● EXERCISE BRIEF
What is needed here is an exact repetition of the records below, beginning at the line that has "have [b [Fb" and stopping after the line that has "have := congr1 ys E.".
*** SOURCE RECORDS Section Begins ***
(* In the single-block Spice setting, suppose that for every $k\ge1$ the scaling factor satisfies $$\eta_k\ \ge\ \max\Big\{\eta_{k-1}\sqrt{\tfrac{\mathsf{R}(x^k)}{\mathsf{R}(x^{k-1})}},\ \ \eta_{k-1}\,\tfrac{\mathsf{R}(\bar x^k)\sqrt{\mathsf{R}(x^{k-1})}}{\mathsf{R}(\bar x^{k-1})\sqrt{\mathsf{R}(x^k)}}\Big\}.$$ Then (i) $r_k\le r_{k-1}$, $s_k\le s_{k-1}$, hence $H_k\preceq H_{k-1}$ for all $k\ge1$; and (ii) if $w^*\in\Omega$ satisfies $\rho[f(x)-f(x^* )]+(w-w^* )^\top\frac{1}{\eta_j}\Gamma(w^* )\ge0$ for all $w\in\Omega$ and all $j=0,\dots,k$, then $\|w^{k+1}-w^*\|_{H_{k+1}}^2\le\|w^0-w^*\|_{H_0}^2$.
   Context: Single-block Spice setting. Let $\mathcal{X}\subseteq\mathbb{R}^n$ be nonempty closed convex, $f:\mathbb{R}^n\to\mathbb{R}$ convex, $\phi_1,\dots,\phi_p:\mathbb{R}^n\to\mathbb{R}$ convex and continuously differentiable, $\Phi(x)=(\phi_1(x),\dots,\phi_p(x))^\top$, $\mathcal{D}\Phi(x)\in\mathbb{R}^{p\times n}$ its Jacobian. Let $\mathcal{Z}=\mathbb{R}^p_+$, $\Omega=\mathcal{X}\times\mathcal{Z}$, $w=(x,\lambda)$, $\Gamma(w)=(\mathcal{D}\Phi(x)^\top\lambda,\,-\Phi(x))$. For a symmetric matrix $A$, $\|v\|_A^2:=v^\top A v$; the norm of a matrix is the spectral norm; $\mathsf{R}(x):=\|\mathcal{D}\Phi(x)\|^2$. The scaled Lagrangian is $\mathcal{L}(x,\lambda,\rho,\eta)=\rho f(x)+\frac1\eta\lambda^\top\Phi(x)$. Fix $\rho>0$, $\mu>1$, a starting point $w^0=(x^0,\lambda^0)\in\Omega$ and positive numbers $\eta_0,\eta_1,\dots$. Given $w^k=(x^k,\lambda^k)\in\Omega$, iteration $k$ is: $r_k=\frac{1}{\eta_k}\sqrt{\mathsf{R}(x^k)}$; $\bar x^k=\arg\min_{x\in\mathcal{X}}\{\mathcal{L}(x,\lambda^k,\rho,\eta_k)+\frac{r_k}{2}\|x-x^k\|^2\}$; $s_k=\frac{\mu\,\mathsf{R}(\bar x^k)}{\eta_k\sqrt{\mathsf{R}(x^k)}}$; $\bar\lambda^k=\arg\max_{\lambda\in\mathcal{Z}}\{\mathcal{L}(\bar x^k,\lambda,\rho,\eta_k)-\frac{s_k}{2}\|\lambda-\lambda^k\|^2\}$ (equivalently $\bar\lambda^k=\max\{\lambda^k+\frac{1}{\eta_k s_k}\Phi(\bar x^k),0\}$ componentwise); $\bar w^k=(\bar x^k,\bar\lambda^k)$; and $w^{k+1}=w^k-M_k(w^k-\bar w^k)$ where $M_k=\begin{pmatrix}I_n & -\frac{1}{\eta_k r_k}\mathcal{D}\Phi(\bar x^k)^\top\\ 0 & I_p\end{pmatrix}$. It is assumed throughout that $\mathsf{R}(x^k)>0$ and $\mathsf{R}(\bar x^k)>0$ for all $k$. Define $Q_k=\begin{pmatrix} r_kI_n & -\frac{1}{\eta_k}\mathcal{D}\Phi(\bar x^k)^\top\\ 0 & s_kI_p\end{pmatrix}$, $H_k=\begin{pmatrix} r_kI_n&0\\0&s_kI_p\end{pmatrix}$, $G_k=\begin{pmatrix} r_kI_n&0\\0&s_kI_p-\frac{1}{\eta_k^2r_k}\mathcal{D}\Phi(\bar x^k)\mathcal{D}\Phi(\bar x^k)^\top\end{pmatrix}$. *)

From HB Require Import structures.
From mathcomp Require Import all_boot all_order all_algebra.
From mathcomp Require Import all_classical all_reals all_analysis.
Set Implicit Arguments. Unset Strict Implicit. Unset Printing Implicit Defensive.
Import Order.TTheory GRing.Theory Num.Theory.
Import numFieldNormedType.Exports.
Local Open Scope classical_set_scope.
Local Open Scope ring_scope.

Section SpiceDefs.
Variable R : realType.

Definition sqnorm m (v : 'cV[R]_m) : R := (v^T *m v) 0 0.
Definition enorm m (v : 'cV[R]_m) : R := Num.sqrt (sqnorm v).
Definition anorm2 m (A : 'M[R]_m) (v : 'cV[R]_m) : R := (v^T *m A *m v) 0 0.
Definition specnorm p n (A : 'M[R]_(p, n)) : R :=
  sup [set enorm (A *m v) | v in [set v : 'cV[R]_n | enorm v = 1]].
(* R(x) := ||D Phi(x)||^2, here as a function of the Jacobian matrix *)
Definition RR p n (A : 'M[R]_(p, n)) : R := specnorm A ^+ 2.

Definition cvx_set n (X : set 'cV[R]_n) : Prop :=
  forall x y t, X x -> X y -> 0 <= t <= 1 -> X (t *: x + (1 - t) *: y).
Definition convex_fun n (g : 'cV[R]_n -> R) : Prop :=
  forall x y t, 0 <= t <= 1 -> g (t *: x + (1 - t) *: y) <= t * g x + (1 - t) * g y.

Definition nonneg_orthant p : set 'cV[R]_p := [set l | forall i, 0 <= l i 0].

Definition lagr n p (f : 'cV[R]_n -> R) (Phi : 'cV[R]_n -> 'cV[R]_p)
  (x : 'cV[R]_n) (lam : 'cV[R]_p) (rho eta : R) : R :=
  rho * f x + eta^-1 * (lam^T *m Phi x) 0 0.

Definition Gam n p (Phi : 'cV[R]_n -> 'cV[R]_p) (DPhi : 'cV[R]_n -> 'M[R]_(p, n))
  (x : 'cV[R]_n) (lam : 'cV[R]_p) : 'cV[R]_(n + p) :=
  col_mx ((DPhi x)^T *m lam) (- Phi x).

Definition r_k n p (DPhi : 'cV[R]_n -> 'M[R]_(p, n)) (eta : nat -> R)
  (x : nat -> 'cV[R]_n) (k : nat) : R :=
  (eta k)^-1 * Num.sqrt (RR (DPhi (x k))).
Definition s_k n p (DPhi : 'cV[R]_n -> 'M[R]_(p, n)) (mu : R) (eta : nat -> R)
  (x xb : nat -> 'cV[R]_n) (k : nat) : R :=
  mu * RR (DPhi (xb k)) / (eta k * Num.sqrt (RR (DPhi (x k)))).

Definition H_k n p (DPhi : 'cV[R]_n -> 'M[R]_(p, n)) (mu : R) (eta : nat -> R)
  (x xb : nat -> 'cV[R]_n) (k : nat) : 'M[R]_(n + p) :=
  block_mx ((r_k DPhi eta x k)%:M) 0 0 ((s_k DPhi mu eta x xb k)%:M).

Definition M_k n p (DPhi : 'cV[R]_n -> 'M[R]_(p, n)) (eta : nat -> R)
  (x xb : nat -> 'cV[R]_n) (k : nat) : 'M[R]_(n + p) :=
  block_mx 1%:M (- ((eta k * r_k DPhi eta x k)^-1 *: (DPhi (xb k))^T)) 0 1%:M.

Definition loewner_le m (A B : 'M[R]_m) : Prop :=
  forall v : 'cV[R]_m, anorm2 A v <= anorm2 B v.

End SpiceDefs.

From HB Require Import structures.
From mathcomp Require Import all_boot all_order all_algebra.
From mathcomp Require Import all_classical all_reals all_analysis.
From mathcomp Require Import ring lra.
Import Order.TTheory GRing.Theory Num.Theory.
Import numFieldNormedType.Exports.
Local Open Scope classical_set_scope.
Local Open Scope ring_scope.
Set Implicit Arguments. Unset Strict Implicit. Unset Printing Implicit Defensive.
(* Part (i) is arithmetic on the scaling rule, since r_k and s_k are products
   of powers of eta_k, R(x^k) and R(xb^k).  For part (ii), the first-order
   conditions of the two proximal subproblems, the variational inequality at
   w* and the monotonicity of Gamma (convexity of the phi_i) combine into
     eta_k^-1 <xb - x*, DPhi(xb)^T (lam - lamb)>
       <= r_k <xb - x*, x - xb> + s_k <lamb - lam*, lam - lamb>.
   With |DPhi(xb)^T b|^2 <= R(xb) |b|^2 and mu > 1 this expands into
   |w^{k+1} - w*|_{H_k} <= |w^k - w*|_{H_k}, and H_{k+1} <= H_k makes these
   one-step estimates telescope. *)

Section InnerProduct.
Variable R : realType.

Definition dot m (u v : 'cV[R]_m) : R := (u^T *m v) 0 0.

Lemma dotE m (u v : 'cV[R]_m) : dot u v = \sum_i u i 0 * v i 0.
Proof. by rewrite /dot mxE; apply: eq_bigr => i _; rewrite mxE. Qed.

Lemma dotC m (u v : 'cV[R]_m) : dot u v = dot v u.
Proof. by rewrite !dotE; apply: eq_bigr => i _; rewrite mulrC. Qed.

Lemma dotDl m (u v w : 'cV[R]_m) : dot (u + v) w = dot u w + dot v w.
Proof. by rewrite !dotE -big_split; apply: eq_bigr => i _; rewrite mxE mulrDl. Qed.

Lemma dotNl m (u w : 'cV[R]_m) : dot (- u) w = - dot u w.
Proof. by rewrite !dotE -sumrN; apply: eq_bigr => i _; rewrite mxE mulNr. Qed.

Lemma dotZl m a (u w : 'cV[R]_m) : dot (a *: u) w = a * dot u w.
Proof. by rewrite !dotE mulr_sumr; apply: eq_bigr => i _; rewrite mxE mulrA. Qed.

Lemma dotBl m (u v w : 'cV[R]_m) : dot (u - v) w = dot u w - dot v w.
Proof. by rewrite dotDl dotNl. Qed.

Lemma dotDr m (u v w : 'cV[R]_m) : dot w (u + v) = dot w u + dot w v.
Proof. by rewrite dotC dotDl !(dotC w). Qed.

Lemma dotNr m (u w : 'cV[R]_m) : dot w (- u) = - dot w u.
Proof. by rewrite dotC dotNl dotC. Qed.

Lemma dotZr m a (u w : 'cV[R]_m) : dot w (a *: u) = a * dot w u.
Proof. by rewrite dotC dotZl dotC. Qed.

Lemma dotBr m (u v w : 'cV[R]_m) : dot w (u - v) = dot w u - dot w v.
Proof. by rewrite dotDr dotNr. Qed.

Lemma dot_sqrD m (u v : 'cV[R]_m) :
  dot (u + v) (u + v) = dot u u + 2 * dot u v + dot v v.
Proof. rewrite dotDl !dotDr (dotC v u); ring. Qed.

Lemma dot_mulmx m k (A : 'M[R]_(m, k)) u v : dot u (A *m v) = dot (A^T *m u) v.
Proof. by rewrite /dot trmx_mul trmxK mulmxA. Qed.

Lemma dot_ge0 m (u : 'cV[R]_m) : 0 <= dot u u.
Proof. by rewrite dotE; apply: sumr_ge0 => i _; rewrite -expr2 sqr_ge0. Qed.

Lemma dot_entry_sqr_le m (v : 'cV[R]_m) j : v j 0 ^+ 2 <= dot v v.
Proof.
rewrite dotE (bigD1 j) //= -expr2 lerDl.
by apply: sumr_ge0 => i _; rewrite -expr2 sqr_ge0.
Qed.

Lemma ler_dot_orthant m (l u v : 'cV[R]_m) : nonneg_orthant l ->
  (forall i, u i 0 <= v i 0) -> dot l u <= dot l v.
Proof. by move=> hl huv; rewrite !dotE; apply: ler_sum => i _; apply: ler_wpM2l. Qed.

Lemma col_mxB m k n (a c : 'M[R]_(m, n)) (b d : 'M[R]_(k, n)) :
  col_mx a b - col_mx c d = col_mx (a - c) (b - d).
Proof. by rewrite opp_col_mx add_col_mx. Qed.

Lemma dot_col_mx m k (a c : 'cV[R]_m) (b d : 'cV[R]_k) :
  ((col_mx a b)^T *m col_mx c d) 0 0 = dot a c + dot b d.
Proof. by rewrite tr_col_mx mul_row_col mxE. Qed.

Lemma anorm2_block_scalar m k (r s : R) (a : 'cV[R]_m) (b : 'cV[R]_k) :
  anorm2 (block_mx r%:M 0 0 s%:M) (col_mx a b) = r * dot a a + s * dot b b.
Proof.
rewrite /anorm2 tr_col_mx mul_row_block !mulmx0 addr0 add0r !mul_mx_scalar.
by rewrite mul_row_col -!scalemxAl !mxE /dot !mxE.
Qed.

Lemma loewner_le_block_scalar m k (r1 r0 s1 s0 : R) : r1 <= r0 -> s1 <= s0 ->
  loewner_le (block_mx r1%:M 0 0 s1%:M : 'M[R]_(m + k))
             (block_mx r0%:M 0 0 s0%:M).
Proof.
move=> hr hs v; rewrite -(vsubmxK v) !anorm2_block_scalar.
by apply: lerD; apply: ler_wpM2r => //; exact: dot_ge0.
Qed.

End InnerProduct.

Section SpectralNorm.
Variable R : realType.

Lemma enorm_sqr m (v : 'cV[R]_m) : enorm v ^+ 2 = dot v v.
Proof. by rewrite /enorm sqr_sqrtr // dot_ge0. Qed.

Lemma specnorm_ubound p n (A : 'M[R]_(p, n)) :
  has_ubound [set enorm (A *m v) | v in [set v : 'cV[R]_n | enorm v = 1]].
Proof.
exists (Num.sqrt (\sum_i (\sum_j `|A i j|) ^+ 2)).
move=> _ [w /= hw <-]; rewrite /enorm ler_sqrt; last first.
  by apply: sumr_ge0 => i _; rewrite sqr_ge0.
have ww : dot w w = 1 by rewrite -enorm_sqr hw expr1n.
rewrite /sqnorm -/(dot _ _) dotE; apply: ler_sum => i _.
have wj j : `|w j 0| <= 1.
  have := dot_entry_sqr_le w j; rewrite ww -(real_normK (num_real (w j 0))).
  by have := normr_ge0 (w j 0); nra.
have hi : `|(A *m w) i 0| <= \sum_j `|A i j|.
  rewrite mxE; apply: le_trans (ler_norm_sum _ _ _) _; apply: ler_sum => j _.
  by rewrite normrM ler_piMr.
rewrite -expr2 -(real_normK (num_real ((A *m w) i 0))).
by have := normr_ge0 ((A *m w) i 0); nra.
Qed.

Lemma enorm_mulmx_le p n (A : 'M[R]_(p, n)) (z : 'cV[R]_n) :
  enorm (A *m z) <= specnorm A * enorm z.
Proof.
have [z0|zn0] := eqVneq (dot z z) 0.
  have -> : z = 0.
    apply/matrixP => i j; rewrite ord1 mxE; apply/eqP.
    by rewrite -sqrf_eq0 eq_le sqr_ge0 andbT -z0 dot_entry_sqr_le.
  by rewrite mulmx0 /enorm /sqnorm !mulmx0 mxE sqrtr0 mulr0.
have nz0 : 0 < enorm z by rewrite sqrtr_gt0 lt0r zn0 dot_ge0.
set v := (enorm z)^-1 *: z.
have hv : enorm v = 1.
  rewrite /enorm /sqnorm -/(dot v v) /v dotZl dotZr mulrA -expr2 exprVn enorm_sqr.
  by rewrite mulVf ?sqrtr1 // gt_eqF.
have hAv : enorm (A *m v) = (enorm z)^-1 * enorm (A *m z).
  rewrite /v -scalemxAr /enorm /sqnorm -!/(dot _ _) dotZl dotZr mulrA -expr2.
  by rewrite sqrtrM ?sqr_ge0 // sqrtr_sqr ger0_norm // invr_ge0 ltW.
have Sv : [set enorm (A *m v) | v in [set v : 'cV[R]_n | enorm v = 1]] (enorm (A *m v)).
  by exists v.
have := sup_upper_bound (conj (ex_intro _ _ Sv) (specnorm_ubound A)) Sv.
by rewrite -/(specnorm A) hAv ler_pdivrMl // mulrC.
Qed.

(* Expand 0 <= |R(A) u - A A^T u|^2 and use |A z|^2 <= R(A) |z|^2 for z = A^T u. *)
Lemma dot_trmx_mulmx_le p n (A : 'M[R]_(p, n)) (u : 'cV[R]_p) :
  0 < RR A -> dot (A^T *m u) (A^T *m u) <= RR A * dot u u.
Proof.
move=> hR; set z := A^T *m u; set S := RR A.
have hAz : dot (A *m z) (A *m z) <= S * dot z z.
  have h0 : 0 <= enorm (A *m z) by apply: sqrtr_ge0.
  rewrite -!enorm_sqr /S /RR -exprMn.
  by apply: lerXn2r; rewrite ?nnegrE //; apply: le_trans (enorm_mulmx_le A z).
have hz : dot z z = dot u (A *m z) by rewrite dot_mulmx.
have h0 := dot_ge0 (S *: u - A *m z).
rewrite dotBl !dotBr !dotZl !dotZr (dotC (A *m z) u) in h0.
have hz0 := dot_ge0 z.
have : S * dot z z <= S * (S * dot u u) by nra.
by rewrite ler_pM2l.
Qed.

End SpectralNorm.

Section FirstOrderConditions.
Variable R : realType.

Lemma cvg_at_right_ge0 (h : R -> R) l : h t @[t --> 0^'+] --> l ->
  (forall t, 0 < t <= 1 -> 0 <= h t) -> 0 <= l.
Proof.
move=> hl hp; apply: (cvgr_to_ge hl).
near=> t; apply: hp; apply/andP; split; near: t; first exact: nbhs_right_gt.
exact: nbhs_right_le.
Unshelve. all: by end_near. Qed.

Lemma cvg_mxentry T (F : set_system T) {FF : Filter F} m k
    (g : T -> 'M[R]_(m, k)) (L : 'M[R]_(m, k)) i j :
  g @ F --> L -> (fun t => g t i j) @ F --> L i j.
Proof. exact: (continuous_cvg _ (@coord_continuous _ _ _ i j L)). Qed.
Lemma comp_support_Hcoset (i : I) x : comp_support (in_Hcoset x) = rcoset H x.
Proof.
apply: pred_ext => g; rewrite rcosetP; last exact: gen_subgroup.
split; first by case=> w [hw hg]; apply: in_HcosetP hw hg.
move=> hg; exists (vertex s i g); split; last exact: vertex_self.
by exists g; split; first exact: vertex_self.
Qed.

Lemma coset_vertices_rcoset x : coset_vertices (rcoset H x) = in_Hcoset x.
Proof.
have hH := gen_subgroup (frange s).
by apply: pred_ext => w; split; case=> g [hw /(rcosetP _ _ hH) hg]; exists g.
Qed.

Lemma components_rcosets_bij (i : I) :
  exists f : { K : mV (Phi s) -> Prop | is_component K } -> { C : G -> Prop | is_rcoset H C },
    bijective f.
Proof.
have supp_rcoset K : is_component (A := Phi s) K -> is_rcoset H (comp_support K).
  by case/componentP=> x ->; exists x; apply: comp_support_Hcoset.
have vertices_comp C : is_rcoset H C -> is_component (A := Phi s) (coset_vertices C).
  by case=> x ->; exists (vertex s i x); rewrite coset_vertices_rcoset conn_vertexE.
exists (fun K => exist _ _ (supp_rcoset _ (proj2_sig K))).
exists (fun C => exist _ _ (vertices_comp _ (proj2_sig C))).
- case=> K hK; apply: sig_eq => /=; have [x ->] := componentP hK.
  by rewrite (comp_support_Hcoset i) coset_vertices_rcoset.
- case=> C hC; apply: sig_eq => /=; have [x ->] := hC.
  by rewrite coset_vertices_rcoset (comp_support_Hcoset i).
Qed.

End Components.

Section Translation.
Variables (G : group) (I : Type) (s : I -> G) (x0 : G).
Notation H := (gen (frange s)).
Notation HG := (sub_group (frange s)).
Notation s' := (sub_fam s).
Notation comp := (comp_graph (A := Phi s) (in_Hcoset (s := s) x0)).
Lemma min_scalarization_exists (F : X -> set Y) :
  upper_Kconvex K F -> (forall x, Kseq_compact K (F x)) ->
  exists f, min_scalarization F f /\ convex_fun f.
Proof.
move=> Fconv Fcpt.
have /choice [m Fm] : forall x, exists a, F x a /\ forall b, F x b -> ys a <= ys b.
  by move=> x; have [a Fa amin] := Kseq_compact_argmin (Fcpt x); exists a.
exists (ys \o m); split.
  by split=> [x|x b Fb]; [exists (m x); first exact: (Fm x).1 | exact: (Fm x).2].
move=> x y t t01 /=.
have [c [k [Fc [Kk e]]]] := Fconv x y t t01 _ _ (Fm x).1 (Fm y).1.
have := (Fm _).2 _ Fc; have := ysK Kk.
have : ys (t *: m x + (1 - t) *: m y) = ys c + ys k by rewrite e linearD.
rewrite linearD !linearZ_LR !scaleRE /=; lra.
Qed.

Lemma min_scalarization_ub_near (F : X -> set Y) (f : X -> R) x0 :
  min_scalarization F f -> lower_cont F x0 -> F x0 !=set0 ->
  exists2 d : R, 0 < d & exists B, forall x, `|x0 - x| < d -> f x <= B.
Proof.
move=> [_ flb] Flc [a Fa].
have Vopen : open (ys @^-1` [set r | r < ys a + 1]).
  by move: ys_cont => /continuousP; apply; exact: open_lt.
have FV : F x0 `&` (ys @^-1` [set r | r < ys a + 1]) !=set0.
  by exists a; split => //=; rewrite ltrDl ltr01.
have [U /nbhs_ballP [d d0 dU] FUV] := Flc _ Vopen FV.
exists d => //; exists (ys a + 1) => x x0x.
have [b [Fb Vb]] : F x `&` (ys @^-1` [set r | r < ys a + 1]) !=set0.
  by apply: FUV; apply: dU; rewrite -ball_normE.
exact: le_trans (flb _ _ Fb) (ltW Vb).
Qed.

Lemma min_scalarization_hatsub (F : X -> set Y) (f : X -> R) xb
    (h : {linear X -> R}) :
  min_scalarization F f -> continuous h -> subgradient f xb h ->
  hatsub Rplus_cone (scomp ys F) xb h.
Proof.
move=> [fmin flb] hc hsub; split; first by apply/blinP; exists h.
move=> eps e0; exists 1 => // x _ _ k [a Fa <-] k0.
have [a' Fa' fa'] := fmin xb.
exists (ys a'), (ys a + k - ys a' - h (x - xb)), 0; split; first by exists a'.
split; first by rewrite /Rplus_cone /= in k0 *; have := hsub x; have := flb _ _ Fa; lra.
by rewrite normr0 ler01 scaler0 addr0; split=> //; lra.
Qed.

Lemma hatsub_sum_subgradient (F1 F2 : X -> set Y) (f1 f2 : X -> R) xb
    (T : {linear X -> Y}) :
  K 0 -> min_scalarization F1 f1 -> min_scalarization F2 f2 ->
  convex_fun f1 -> convex_fun f2 ->
  hatsub K (smap_add F1 F2) xb T -> subgradient (f1 \+ f2) xb (ys \o T).
Proof.
move=> K0 [f1min f1lb] [f2min f2lb] f1c f2c [_ hT].
apply: convex_local_subgradient (convex_funD f1c f2c) _ => eps e0.
have [C ysC] := continuous_linear_bound ys_cont.
pose eps' := eps / (`|C| + 1).
have e'0 : 0 < eps' by rewrite divr_gt0 // ltr_wpDl.
have e'C : eps' * `|C| <= eps.
  rewrite mulrAC ler_pdivrMr ?ltr_wpDl // ler_wpM2l ?ltW //; lra.
have [d d0 hd] := hT _ e'0; exists d => // x xd /=.
have [a1 F1a1 ->] := f1min x; have [a2 F2a2 ->] := f2min x.
have F12 : smap_add F1 F2 x (a1 + a2) by exists a1, a2.
have [_ [k [b [[c1 [c2 [Fc1 [Fc2 ->]]]] [Kk [b1 E]]]]]] := hd x xd _ _ F12 K0.
have ysb : - `|C| <= ys b.
  rewrite lerNl -linearN; apply: le_trans (ler_norm _) (le_trans (ysC _) _).
  rewrite normrN; apply: le_trans (ler_wpM2r (normr_ge0 _) (ler_norm C)) _.
  by rewrite ler_piMr.
have := congr1 ys E.
rewrite addr0 !linearD [ys (_ *: b)]linearZ_LR scaleRE /= => ->.
have err : - (eps * `|x - xb|) <= eps' * `|x - xb| * ys b.
  by rewrite mulrAC -mulNr ler_wpM2r //; nra.
by have := f1lb _ _ Fc1; have := f2lb _ _ Fc2; have := ysK Kk; lra.
Qed.

End Scalarization.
*** SOURCE RECORDS Section Ends ***
● TASK ANSWER
have [b [Fb Vb]] : F x `&` (ys @^-1` [set r | r < ys a + 1]) !=set0.
  by apply: FUV; apply: dU; rewrite -ball_normE.
exact: le_trans (flb _ _ Fb) (ltW Vb).
Qed.

Lemma min_scalarization_hatsub (F : X -> set Y) (f : X -> R) xb
    (h : {linear X -> R}) :
  min_scalarization F f -> continuous h -> subgradient f xb h ->
  hatsub Rplus_cone (scomp ys F) xb h.
Proof.
move=> [fmin flb] hc hsub; split; first by apply/blinP; exists h.
move=> eps e0; exists 1 => // x _ _ k [a Fa <-] k0.
have [a' Fa' fa'] := fmin xb.
exists (ys a'), (ys a + k - ys a' - h (x - xb)), 0; split; first by exists a'.
split; first by rewrite /Rplus_cone /= in k0 *; have := hsub x; have := flb _ _ Fa; lra.
by rewrite normr0 ler01 scaler0 addr0; split=> //; lra.
Qed.

Lemma hatsub_sum_subgradient (F1 F2 : X -> set Y) (f1 f2 : X -> R) xb
    (T : {linear X -> Y}) :
  K 0 -> min_scalarization F1 f1 -> min_scalarization F2 f2 ->
  convex_fun f1 -> convex_fun f2 ->
  hatsub K (smap_add F1 F2) xb T -> subgradient (f1 \+ f2) xb (ys \o T).
Proof.
move=> K0 [f1min f1lb] [f2min f2lb] f1c f2c [_ hT].
apply: convex_local_subgradient (convex_funD f1c f2c) _ => eps e0.
have [C ysC] := continuous_linear_bound ys_cont.
pose eps' := eps / (`|C| + 1).
have e'0 : 0 < eps' by rewrite divr_gt0 // ltr_wpDl.
have e'C : eps' * `|C| <= eps.
  rewrite mulrAC ler_pdivrMr ?ltr_wpDl // ler_wpM2l ?ltW //; lra.
have [d d0 hd] := hT _ e'0; exists d => // x xd /=.
have [a1 F1a1 ->] := f1min x; have [a2 F2a2 ->] := f2min x.
have F12 : smap_add F1 F2 x (a1 + a2) by exists a1, a2.
have [_ [k [b [[c1 [c2 [Fc1 [Fc2 ->]]]] [Kk [b1 E]]]]]] := hd x xd _ _ F12 K0.
have ysb : - `|C| <= ys b.
  rewrite lerNl -linearN; apply: le_trans (ler_norm _) (le_trans (ysC _) _).
  rewrite normrN; apply: le_trans (ler_wpM2r (normr_ge0 _) (ler_norm C)) _.
  by rewrite ler_piMr.
have := congr1 ys E.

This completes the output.